(* Let $G=(V,E)$ and $G'=(V',E')$ be graphs, and let $(u,v)$ be an ordered edge of $G$ and $(u',v')$ an ordered edge of $G'$. Then for every $t\ge0$: (1) If $\mathrm{eb}^{(t)}(G)=\mathrm{eb}^{(t)}(G')$, then $\mathrm{tp}^t(G)=\mathrm{tp}^t(G')$. (2) If $\mathrm{eb}^{(t)}(G,(u,v))=\mathrm{eb}^{(t)}(G',(u',v'))$ and $\mathrm{eb}^{(t)}(G)=\mathrm{eb}^{(t)}(G')$, then $\mathrm{tp}^t(G,u)=\mathrm{tp}^t(G',u')$, $\mathrm{tp}^t(G,v)=\mathrm{tp}^t(G',v')$, and $\mathrm{tp}^t(G,(u,v))=\mathrm{tp}^t(G',(u',v'))$.
   Context: All graphs are finite, simple and undirected, without isolated vertices; $N(v)$ denotes the neighborhood of $v$. An ordered edge of $G=(V,E)$ is a pair $(u,v)$ with $\{u,v\}\in E$. EB-1WL coloring: $\mathrm{eb}^{(0)}(G,(u,v))=1$ for every ordered edge, and $\mathrm{eb}^{(\ell+1)}(G,(u,v)) = \big(\mathrm{eb}^{(\ell)}(G,(u,v)),\ \{\!\{\mathrm{eb}^{(\ell)}(G,(u,x)) : x\in N(u)\}\!\},\ \{\!\{(\mathrm{eb}^{(\ell)}(G,(u,y)),\mathrm{eb}^{(\ell)}(G,(v,y))) : y\in N(u)\cap N(v)\}\!\},\ \{\!\{\mathrm{eb}^{(\ell)}(G,(v,z)) : z\in N(v)\}\!\}\big)$. $\mathrm{eb}^{(t)}(G)$ is the multiset of $\mathrm{eb}^{(t)}(G,(u,v))$ over all ordered edges $(u,v)$ of $G$. Logic: first-order logic over the vocabulary with one binary relation $E$, where $E(x,y)$ holds of $(u,v)$ iff $\{u,v\}$ is an edge. For a tuple $\bar x=(x_1,\dots,x_n)$ of distinct variables, $\mathrm{clique}(\bar x):=\bigwedge_{1\le i<j\le n}E(x_i,x_j)$ (empty conjunction = true). CFOC is the smallest set of formulas such that: (1) $\mathrm{clique}(\bar x)$ is in CFOC; (2) if $\phi(\bar x)\in$ CFOC then $\mathrm{clique}(\bar x)\wedge\neg\phi(\bar x)\in$ CFOC; (3) if $\phi(\bar x),\psi(\bar y)\in$ CFOC then $\mathrm{clique}(\bar z)\wedge(\phi(\bar x)\star\psi(\bar y))\in$ CFOC for $\star\in\{\wedge,\vee\}$, where $\bar z$ lists each variable of $\bar x$ and $\bar y$ exactly once; (4) if $\phi(\bar x,y)\in$ CFOC then $\mathrm{clique}(\bar x)\wedge\exists^{\ge k}y\,\phi(\bar x,y)\in$ CFOC for every integer $k\ge1$ ($\exists^{\ge k}$: at least $k$ witnesses). $\mathrm{CFOC}^3$: CFOC formulas using at most three distinct variables. For a graph $G$ and a tuple $\bar v$ of vertices (possibly empty), the $t$-type $\mathrm{tp}^t(G,\bar v)$ is the set of $\mathrm{CFOC}^3$ formulas $\phi(\bar x)$ of quantifier depth $t$ (with $|\bar x|=|\bar v|$) such that $G\models\phi(\bar v)$; $\mathrm{tp}^t(G)$ is the set of such sentences true in $G$. *)

From mathcomp Require Import all_boot.
Set Implicit Arguments.
Unset Strict Implicit.
Unset Printing Implicit Defensive.
(* Let $U$ be an infinite-dimensional vector space over a (not necessarily commutative) field $K$ and let $R:=\mathrm{End}_K(U)$. Then the projective line $\mathbb{P}(R)$ is connected and its diameter (with respect to the distant relation) is exactly $3$.
   Context: For a ring $R$ with $1$, a pair $(a,b)\in R^2$ is admissible if it is the first row of some invertible $2\times2$ matrix over $R$. The projective line $\mathbb{P}(R)$ is the set of all cyclic submodules $R(a,b)$ of the left $R$-module $R^2$ with $(a,b)$ admissible. Two points $R(a,b)$, $R(c,d)$ are distant iff $\begin{pmatrix}a&b\\c&d\end{pmatrix}$ is invertible. The distant graph has vertex set $\mathbb{P}(R)$ and edges the pairs of distant points; $\mathbb{P}(R)$ is connected if this graph is connected, the distance between two points is the least number of edges of a path joining them, and the diameter is the supremum of distances between points of $\mathbb{P}(R)$. *)

From HB Require Import structures.
From mathcomp Require Import all_boot all_order all_algebra.
From Stdlib Require Import ClassicalEpsilon FunctionalExtensionality ProofIrrelevance.
Set Implicit Arguments. Unset Strict Implicit. Unset Printing Implicit Defensive.
Import GRing.Theory.
Local Open Scope ring_scope.

Definition is_division_ring (K : unitRingType) : Prop :=
  forall x : K, x != 0 -> x \is a GRing.unit.
(* Let $(K_n)_{n\in\omega}$ be an enumeration of the finitely presented groups (one representative of each isomorphism class), and let $G=\prod_{n\in\omega}K_n$ be their restricted direct product (the subgroup of the full direct product consisting of the elements with only finitely many nontrivial coordinates). Let $L$ be a two-generated simple group such that every homomorphism $L\to G$ is trivial, and let $H=L\times G$. Then $R_G L = L$ and $R_H L = 1$. In particular, $G$ and $H$ are not geometrically equivalent, while $G$ and $H$ satisfy the same quasiidentities.
   Context: For groups $G$ and $X$, the $G$-radical of $X$ is $R_G X=\bigcap\{\ker\varphi : \varphi: X\to G \text{ a homomorphism}\}$. For a normal subgroup $U$ of $X$, the $G$-closure $\overline{U}^G$ of $U$ in $X$ is the normal subgroup of $X$ containing $U$ with $\overline{U}^G/U = R_G(X/U)$; equivalently $\overline{U}^G=\bigcap\{\ker\varphi:\varphi:X\to G,\ U\subseteq\ker\varphi\}$. Two groups $G$ and $H$ are geometrically equivalent if for every free group $F$ of finite rank and every normal subgroup $U$ of $F$, the $G$-closure and the $H$-closure of $U$ in $F$ coincide. A quasiidentity is a formula $(w_1=1\wedge\dots\wedge w_n=1)\rightarrow w=1$ where $w_1,\dots,w_n,w$ are words in a free group of finite rank; a group satisfies it if it holds under every assignment of group elements to the variables. Two groups satisfy the same quasiidentities if every quasiidentity satisfied by one is satisfied by the other. *)

From Stdlib Require Import List ProofIrrelevance FunctionalExtensionality.
From mathcomp Require Import all_boot.
Set Implicit Arguments. Unset Strict Implicit. Unset Printing Implicit Defensive.
(* Let $s\in(0,1)$ and $F\in\mathcal M_s$. Suppose that for some $\gamma>0$ one has $\int_\gamma F(x)x^k=0$ for all $k\in\mathbb Z_{\ge0}$. Then $F=0$.
   Context: Fix $q\in(0,1)$. Notation: $(a;q)_\infty=\prod_{j\ge0}(1-aq^j)$, $e_q(x)=1/(x;q)_\infty$. For $\gamma>0$, $\int_\gamma f=(1-q)\sum_{k\in\mathbb Z}\sum_{\epsilon=\pm1}q^k\gamma f(\epsilon q^k\gamma)$ whenever absolutely convergent. For $s>0$, $\mathcal M_s$ is the set of functions $F(x)=f(x)e_{q^2}(-x^2)$ (holomorphic on $|\mathrm{Im}\,x|<1$) where $f(x)=\sum_{l\ge0}a_lx^l$ with $|a_l|\le Cs^lq^{l^2/2}$ for all $l$, for some $C>0$. *)

From Stdlib Require Import Reals ZArith.
From Coquelicot Require Import Coquelicot.
Open Scope R_scope.

Fixpoint cpow (z : C) (n : nat) : C :=
  match n with O => RtoC 1 | S m => Cmult (cpow z m) z end.

Fixpoint qpoch_n (a : C) (q : R) (n : nat) : C :=
  match n with
  | O => RtoC 1
  | S m => Cmult (qpoch_n a q m) (Cminus (RtoC 1) (Cmult a (RtoC (q ^ m))))
  end.

Definition qpoch_inf (a : C) (q : R) : C :=
  (real (Lim_seq (fun n => Re (qpoch_n a q n))),
   real (Lim_seq (fun n => Im (qpoch_n a q n)))).

Definition e_q (q : R) (x : C) : C := Cinv (qpoch_inf x q).

Definition CSeries (u : nat -> C) : C :=
  (Series (fun n => Re (u n)), Series (fun n => Im (u n))).

Definition powser (a : nat -> C) (z : C) : C :=
  CSeries (fun l => Cmult (a l) (cpow z l)).

Definition MF (q : R) (a : nat -> C) (z : C) : C :=
  Cmult (powser a z) (e_q (q ^ 2) (Copp (Cmult z z))).

Definition Ms_coeff_bound (q s Cst : R) (a : nat -> C) : Prop :=
  forall l : nat, Cmod (a l) <= Cst * s ^ l * Rpower q (INR (l * l) / 2).

Definition jterm (q g0 : R) (g : R -> C) (k : Z) : C :=
  let x := powerRZ q k * g0 in
  Cmult (RtoC x) (Cplus (g x) (g (- x))).

Definition jterm_abs (q g0 : R) (g : R -> C) (k : Z) : R :=
  let x := powerRZ q k * g0 in
  Rabs x * (Cmod (g x) + Cmod (g (- x))).

Definition jackson_abs_conv (q g0 : R) (g : R -> C) : Prop :=
  ex_series (fun n => jterm_abs q g0 g (Z.of_nat n)) /\
  ex_series (fun n => jterm_abs q g0 g (- Z.of_nat (S n))%Z).

(* int_gamma g = (1-q) sum_{k in Z} sum_eps q^k gamma g(eps q^k gamma) *)
Definition jackson (q g0 : R) (g : R -> C) : C :=
  Cmult (RtoC (1 - q))
    (Cplus (CSeries (fun n => jterm q g0 g (Z.of_nat n)))
           (CSeries (fun n => jterm q g0 g (- Z.of_nat (S n))%Z))).

(* On the real axis F(x) = f(x) w(x), where w(x) = e_{q^2}(-x^2) is positive and satisfies
   w(q x) = (1 + x^2) w(x).  Expanding f and exchanging the sums, the vanishing Jackson moments
   read sum_l a_l (1 + (-1)^(l+k)) A_(l+k) = 0, where A_m, the Jackson sum of x^(m+1) w(x) over the
   positive points, is positive and satisfies A_(m+2) = (q^-(m+1) - 1) A_m.  Hence for each parity
   r the coefficients c_i = a_(2i+r) satisfy sum_i c_i nu_i(q^-2(p+r)) = 0 for all p, where
   nu_i(u) = prod_(j<i) (u / q^(2j+1) - 1).  Weighting these relations by the Taylor coefficients
   of the Euler product (Q x; Q)_oo, Q = q^2, which vanishes on the grid Q^-(p+r), a partial
   fraction argument yields sum_i c_i nu_i(z) = 0 for every z in (0,1).  At z = q^(2n+1) the sum
   is triangular, so all c_n vanish.  The Gaussian decay of the a_l justifies every exchange of
   summations. *)

From Stdlib Require Import Reals ZArith Lra Lia.
From Coquelicot Require Import Coquelicot.
Open Scope R_scope.

Section NonnegSeries.

Variable a : nat -> R.
Hypothesis a_ge0 : forall n, 0 <= a n.

Lemma sum_n_ge0 N : 0 <= sum_n a N.
Proof.
  induction N as [|N IH]; [rewrite sum_O | rewrite sum_Sn]; auto.
  pose proof (a_ge0 (S N)); unfold plus; simpl; lra.
Qed.

Lemma ex_series_Series_le_of_sum_n_le B :
  (forall N, sum_n a N <= B) -> ex_series a /\ Series a <= B.
Proof.
  intros HB.
  destruct (ex_finite_lim_seq_incr (sum_n a) B) as [l Hl]; auto.
  { intros n; rewrite sum_Sn; pose proof (a_ge0 (S n)); unfold plus; simpl; lra. }
  split; [exists l; exact Hl|].
  rewrite (is_series_unique a l Hl).
  exact (is_lim_seq_le _ _ _ _ HB Hl (is_lim_seq_const B)).
Qed.

Lemma sum_n_le_Series N : ex_series a -> sum_n a N <= Series a.
Proof.
  intros [l Hl]; rewrite (is_series_unique a l Hl).
  apply (is_lim_seq_incr_compare (sum_n a) l Hl).
  intros n; rewrite sum_Sn; pose proof (a_ge0 (S n)); unfold plus; simpl; lra.
Qed.

Lemma term_le_Series N : ex_series a -> a N <= Series a.
Proof.
  intros Ha; eapply Rle_trans; [|exact (sum_n_le_Series N Ha)].
  destruct N as [|N]; [rewrite sum_O; lra|].
  rewrite sum_Sn; pose proof (sum_n_ge0 N); unfold plus; simpl; lra.
Qed.

Lemma Series_ge0 : ex_series a -> 0 <= Series a.
Proof. intros Ha; exact (Rle_trans _ _ _ (a_ge0 0) (term_le_Series 0 Ha)). Qed.

End NonnegSeries.

Lemma Series_sum_n_swap (u : nat -> nat -> R) N :
  (forall j, ex_series (u j)) ->
  ex_series (fun i => sum_n (fun j => u j i) N) /\
  Series (fun i => sum_n (fun j => u j i) N) = sum_n (fun j => Series (u j)) N.
Proof.
  intros Hu; induction N as [|N [IHex IHeq]].
  - rewrite sum_O; split; [apply (ex_series_ext (u 0%nat))|apply Series_ext];
      intros; rewrite ?sum_O; auto.
  - assert (E : forall i, sum_n (fun j => u j i) (S N) = sum_n (fun j => u j i) N + u (S N) i)
      by (intros; rewrite sum_Sn; reflexivity).
    split; [apply (ex_series_ext _ _ (fun i => eq_sym (E i))); apply (ex_series_plus (V := R_NormedModule)); auto|].
    rewrite (Series_ext _ _ E), Series_plus, IHeq, sum_Sn; auto.
Qed.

==============================

Report the number of lines above holding "points", and only that.

2